A subgraph of a graph $G=(V,E)$, is also a graph $G^{\prime }=(V^{\prime },E^{\prime })$ where $V^{\prime }\subseteq V$ and $E^{\prime }\subseteq E$. When the subgraph $G^{\prime }$ contains all the vertices from G, $G^{\prime }$ is a spanning subgraph of G, and $G^{\prime }$ is termed as induced by $V^{\prime }$, if it includes all edges from G connecting the vertices of $V^{\prime }$. Such an induced subgraph is also denoted as $G/V^{\prime }$. Then, $G-V^{\prime }$ would be the induced subgraph from $V-V^{\prime }$. On the other hand, when $E^{\prime }\subseteq E$, $G-E^{\prime }=(V,E-E^{\prime })$. When $V^{\prime }=\left\{v\right\}$ and $e=\{u,v\}$, previous notation is usually simplified as $G-v$ and $G-e$, respectively.

2.1. Elements of a Planar Graph

A graph drawing of a graph G, denoted as $\mathrm{\Gamma }$, represents each vertex $v\in V\left(G\right)$ as a unique point $\mathrm{\Gamma }\left(v\right)$ in the plane, and each edge $\{u,v\}\in E\left(G\right)$ as a simple Jordan arc $\mathrm{\Gamma }(u,v)$ with endpoints $\mathrm{\Gamma }\left(u\right)$ and $\mathrm{\Gamma }\left(v\right)$. A drawing is considered planar if it can be embedded in a plane without any two edges intersecting, except possibly at their shared endpoints. When a graph G has a planar drawing, it is called a planar graph.

One relevant result in graph theory is Kuratowski’s theorem, which provides constraints for determining whether a graph G is planar. According to this theorem, G is planar when it does not contain a subgraph that is a subdivision of $K_5$ or $K_{3,3}$ [13]. It is worth mentioning that a disconnected graph is planar if and only if each of its connected components is planar. Similarly, the theorem of Wagner states that a graph G is planar if and only if it does not have $K_5$ or $K_{3,3}$ as minor [15].

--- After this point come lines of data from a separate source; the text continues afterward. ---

(* For any geodetic simple connected graph $G$ with at least one edge, $src(G)=\chi'(G)$. Moreover, an edge coloring $f$ of $G$ strongly rainbow connects $G$ if and only if $f$ is a proper coloring of the vertices of $H(G)$.
   Context: A graph is geodetic if every pair of distinct vertices is joined by a unique shortest path. An edge coloring of $G$ is any function $f:E(G)\to\{1,\dots,k\}$, $k\in\mathbb{N}$ (adjacent edges may share a color). A path is rainbow with respect to $f$ if its edges receive pairwise distinct colors. $f$ strongly rainbow connects $G$ if for every pair of distinct vertices $u,v$ there is a shortest $(u,v)$-path that is rainbow; $src(G)$ is the minimum $k$ for which such an $f$ exists. For distinct $u_1,u_2\in V(G)$, an edge $e$ separates $u_1,u_2$ if $e$ lies on every shortest $(u_1,u_2)$-path. The auxiliary graph $H(G)$ has vertex set $E(G)$, and distinct $e_1,e_2$ are adjacent in $H(G)$ iff some pair of distinct vertices of $G$ is separated by both $e_1$ and $e_2$. $\chi'(G)=\chi(H(G))$. An edge coloring of $G$ is regarded as a coloring of the vertices of $H(G)$ since $V(H(G))=E(G)$. *)

From mathcomp Require Import all_boot.
From mathcomp Require Import boolp.
Set Implicit Arguments. Unset Strict Implicit. Unset Printing Implicit Defensive.

Section Graph.
Variable T : finType.
Variable g : rel T.

Definition simple_graph := symmetric g /\ irreflexive g.
Definition connected_graph := forall x y : T, connect g x y.

Definition edges : {set {set T}} :=
  [set [set x; y] | x in T, y in T & g x y].

(* a walk from x to y: the vertex sequence x :: p; its length is size p *)
Definition is_walk (x y : T) (p : seq T) : bool := path g x p && (last x p == y).

Definition shortest (x y : T) (p : seq T) : Prop :=
  is_walk x y p /\ forall q, is_walk x y q -> size p <= size q.

Definition geodetic : Prop :=
  forall u v : T, u != v -> exists! p, shortest u v p.

Definition path_edges (x : T) (p : seq T) : seq {set T} :=
  pairmap (fun a b => [set a; b]) x p.

Definition rainbow (f : {set T} -> nat) (x : T) (p : seq T) : bool :=
  uniq (map f (path_edges x p)).

Definition strongly_rainbow_connects (f : {set T} -> nat) : Prop :=
  forall u v : T, u != v -> exists p, shortest u v p /\ rainbow f u p.

Definition edge_coloring (k : nat) (f : {set T} -> nat) : Prop :=
  forall e, e \in edges -> 0 < f e <= k.

Definition src_colorable (k : nat) : Prop :=
  exists f, edge_coloring k f /\ strongly_rainbow_connects f.

Definition separates (e : {set T}) (u1 u2 : T) : Prop :=
  forall p, shortest u1 u2 p -> e \in path_edges u1 p.

(* adjacency in the auxiliary graph H(G), whose vertex set is edges *)
Definition H_adj (e1 e2 : {set T}) : Prop :=
  e1 \in edges /\ e2 \in edges /\ e1 != e2 /\
  exists u1 u2 : T, u1 != u2 /\ separates e1 u1 u2 /\ separates e2 u1 u2.

Definition proper_H (f : {set T} -> nat) : Prop :=
  forall e1 e2, H_adj e1 e2 -> f e1 != f e2.

Definition H_colorable (k : nat) : Prop :=
  exists f, edge_coloring k f /\ proper_H f.

(* minimum k with property P (0 if none exists) *)
Definition min_nat (P : nat -> Prop) : nat :=
  match pselect (exists k, `[< P k >]) with
  | left H => ex_minn H
  | right _ => 0
  end.

Definition src : nat := min_nat src_colorable.
Definition chi_H : nat := min_nat H_colorable.   (* chi'(G) = chi(H(G)) *)

End Graph.

From mathcomp Require Import all_boot.
From mathcomp Require Import boolp.
Set Implicit Arguments. Unset Strict Implicit. Unset Printing Implicit Defensive.

(* A shortest walk never repeats a vertex, so its edges are pairwise distinct.
   If a colouring f strongly rainbow connects G and e1, e2 both separate u1, u2,
   they lie on a rainbow shortest (u1,u2)-path and thus get different colours.
   Conversely, in a geodetic graph every edge of the unique shortest (u,v)-path
   separates u and v, so any two of its edges are adjacent in H(G), and a proper
   colouring of H(G) makes that path rainbow.  The two notions of colouring thus
   coincide for every k, and so do their minima src(G) and chi'(G). *)

Lemma uniq_map_inj_in (T1 T2 : eqType) (f : T1 -> T2) (s : seq T1) :
  uniq (map f s) -> {in s &, injective f}.
Proof.
elim: s => [|c s IH] //= /andP [fc_notin uniq_fs] a b.
rewrite !inE => /orP [/eqP -> | a_in] /orP [/eqP -> | b_in] //.
- by move=> fcb; move: fc_notin; rewrite fcb map_f.
- by move=> fac; move: fc_notin; rewrite -fac map_f.
- exact: IH.
Qed.

Lemma size_shorten (T : eqType) (x : T) (p : seq T) : size (shorten x p) <= size p.
Proof.
elim: p x => [|y p IH] x //=.
by case: ifP => _ /=; [exact: leqW (IH x) | exact: IH y].
Qed.

Lemma shorten_size_uniq (T : eqType) (x : T) (p : seq T) :
  size (shorten x p) = size p -> uniq (x :: p).
Proof.
elim: p x => [|y p IH] x //=.
case: ifP => [_ size_eq | _ [/IH uniq_yp]]; last exact: uniq_yp.
by move: (size_shorten x p); rewrite size_eq ltnn.
Qed.

Section PathEdges.
Variable T : finType.

Lemma mem_path_edges (x : T) (p : seq T) e :
  e \in path_edges x p -> {subset e <= x :: p}.
Proof.
elim: p x => [|y p IH] x //=; rewrite inE => /orP [/eqP -> | e_in] z.
  by rewrite !inE => /orP [] ->; rewrite ?orbT.
by move=> /(IH _ e_in) z_in; rewrite inE z_in orbT.
Qed.

Lemma uniq_path_edges (x : T) (p : seq T) :
  uniq (x :: p) -> uniq (path_edges x p).
Proof.
elim: p x => [|y p IH] x //= /andP [x_notin uniq_yp].
rewrite IH // andbT; apply/negP => /mem_path_edges /(_ x).
by rewrite !inE eqxx => /(_ isT); apply/negP.
Qed.

Variable g : rel T.

Lemma path_edges_sub_edges (x : T) (p : seq T) :
  path g x p -> {subset path_edges x p <= edges g}.
Proof.
elim: p x => [|y p IH] x //= /andP [gxy p_path] e.
rewrite inE => /orP [/eqP -> | e_in]; last exact: IH e_in.
by apply/imset2P; exists x y; rewrite ?inE.
Qed.

(* Shortening a shortest walk keeps it a walk and cannot make it shorter. *)
Lemma shortest_uniq (u v : T) (p : seq T) : shortest g u v p -> uniq (u :: p).
Proof.
move=> [/andP [p_path /eqP p_last] p_min].
apply: shorten_size_uniq; apply/eqP; rewrite eqn_leq size_shorten /=.
case: (shortenP p_path) p_last => q q_path _ _ q_last.
by apply: p_min; rewrite /is_walk q_path q_last eqxx.
Qed.

End PathEdges.

Section Colorings.
Variables (T : finType) (g : rel T).

Lemma strongly_rainbow_connects_proper_H (f : {set T} -> nat) :
  strongly_rainbow_connects g f -> proper_H g f.
Proof.
move=> src_f e1 e2 [_ [_ [e12 [u1 [u2 [u12 [sep1 sep2]]]]]]].
have [p [p_shortest p_rainbow]] := src_f _ _ u12.
apply/eqP => /(uniq_map_inj_in p_rainbow (sep1 _ p_shortest) (sep2 _ p_shortest)).
exact/eqP.
Qed.

Hypothesis geo : geodetic g.

Lemma geodesic_edge_separates (u v : T) (p : seq T) e :
  u != v -> shortest g u v p -> e \in path_edges u p -> separates g e u v.
Proof.
move=> uv p_shortest e_in q q_shortest.
have [p0 [_ p0_unique]] := geo uv.
by rewrite -(p0_unique _ q_shortest) (p0_unique _ p_shortest).
Qed.

Lemma proper_H_strongly_rainbow_connects (f : {set T} -> nat) :
  proper_H g f -> strongly_rainbow_connects g f.
Proof.
move=> proper_f u v uv.
have [p [p_shortest _]] := geo uv.
exists p; split=> //.
have p_path : path g u p by case: p_shortest => /andP [].
rewrite /rainbow map_inj_in_uniq; first exact/uniq_path_edges/(shortest_uniq p_shortest).
move=> e1 e2 e1_in e2_in; apply: contra_eq => e12; apply: proper_f.
have in_edges := path_edges_sub_edges p_path.
have sep e : e \in path_edges u p -> separates g e u v.
  exact: geodesic_edge_separates uv p_shortest.
split; [exact: in_edges | split; [exact: in_edges | split=> //]].
by exists u, v; split=> //; split; [exact: sep e1_in | exact: sep e2_in].
Qed.

Lemma strongly_rainbow_connectsE (f : {set T} -> nat) :
  strongly_rainbow_connects g f <-> proper_H g f.
Proof.
split; [exact: strongly_rainbow_connects_proper_H
       | exact: proper_H_strongly_rainbow_connects].
Qed.

End Colorings.

Lemma eq_min_nat (P Q : nat -> Prop) : (forall k, P k <-> Q k) -> min_nat P = min_nat Q.
Proof.
by move=> PQ; congr min_nat; apply: funext => k; apply: propext.
Qed.

Theorem theorem2 (T : finType) (g : rel T) :
  simple_graph g -> connected_graph g -> geodetic g ->
  (exists x y : T, g x y) ->
  src g = chi_H g /\
  (forall f : {set T} -> nat,
     strongly_rainbow_connects g f <-> proper_H g f).
Proof.
move=> _ _ geo _.
split; last exact: strongly_rainbow_connectsE.
apply: eq_min_nat => k.
by split=> -[f [f_coloring f_ok]]; exists f; split=> //;
  apply/(strongly_rainbow_connectsE geo).
Qed.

Planar graphs are significant in both graph theory and graph drawing. They possess several interesting properties: they are sparse, four-colorable, and their structure is described succinctly and elegantly [5].

A planar graph drawing divides the plane into connected areas known as faces. The face that extends infinitely is referred to as the outer face or the external face of the graph. $f_0$ denotes the outer face of a given planar graph G. Meanwhile, $f_0^i$ will denote the outer face for the graph $G_i$.

If all the vertices of a planar graph can be drawn incident to the outer face of the graph, then it is called an outerplanar graph. Similarly, an outerplanar graph may be characterized by the two forbidden minors $K_4$ and $K_{2,3}$.

Let $F\left(G\right)=\{f_1,\dots ,f_{k-1}\}$ be the set of closed non-intersected faces of G. The internal area of each face $f\in F\left(G\right)$ is delineated by the set of edges that enclose it. Notice that the outer face $f_0$ of the graph is not included in $F\left(G\right)$, because we want to consider only the internal faces related to G. $Int\left(G\right)$ denotes the internal vertices of G, which are vertices not incident to $f_0$, i.e. $Int\left(G\right)=V\left(G\right)-V\left(f_0\right)$. Let $f\in F\left(G\right)$, a facial walkw corresponding to f is the shortest closed walk induced by all edges incident with f. If the boundary of f is a cycle, the walk is called a facial cycle. The length of a face f is denoted by $\left|f\right|$ and equals $\left|V\right(f\left)\right|$. We say that a face $f\in F\left(G\right)$ is a triangle when $\left|f\right|=3$.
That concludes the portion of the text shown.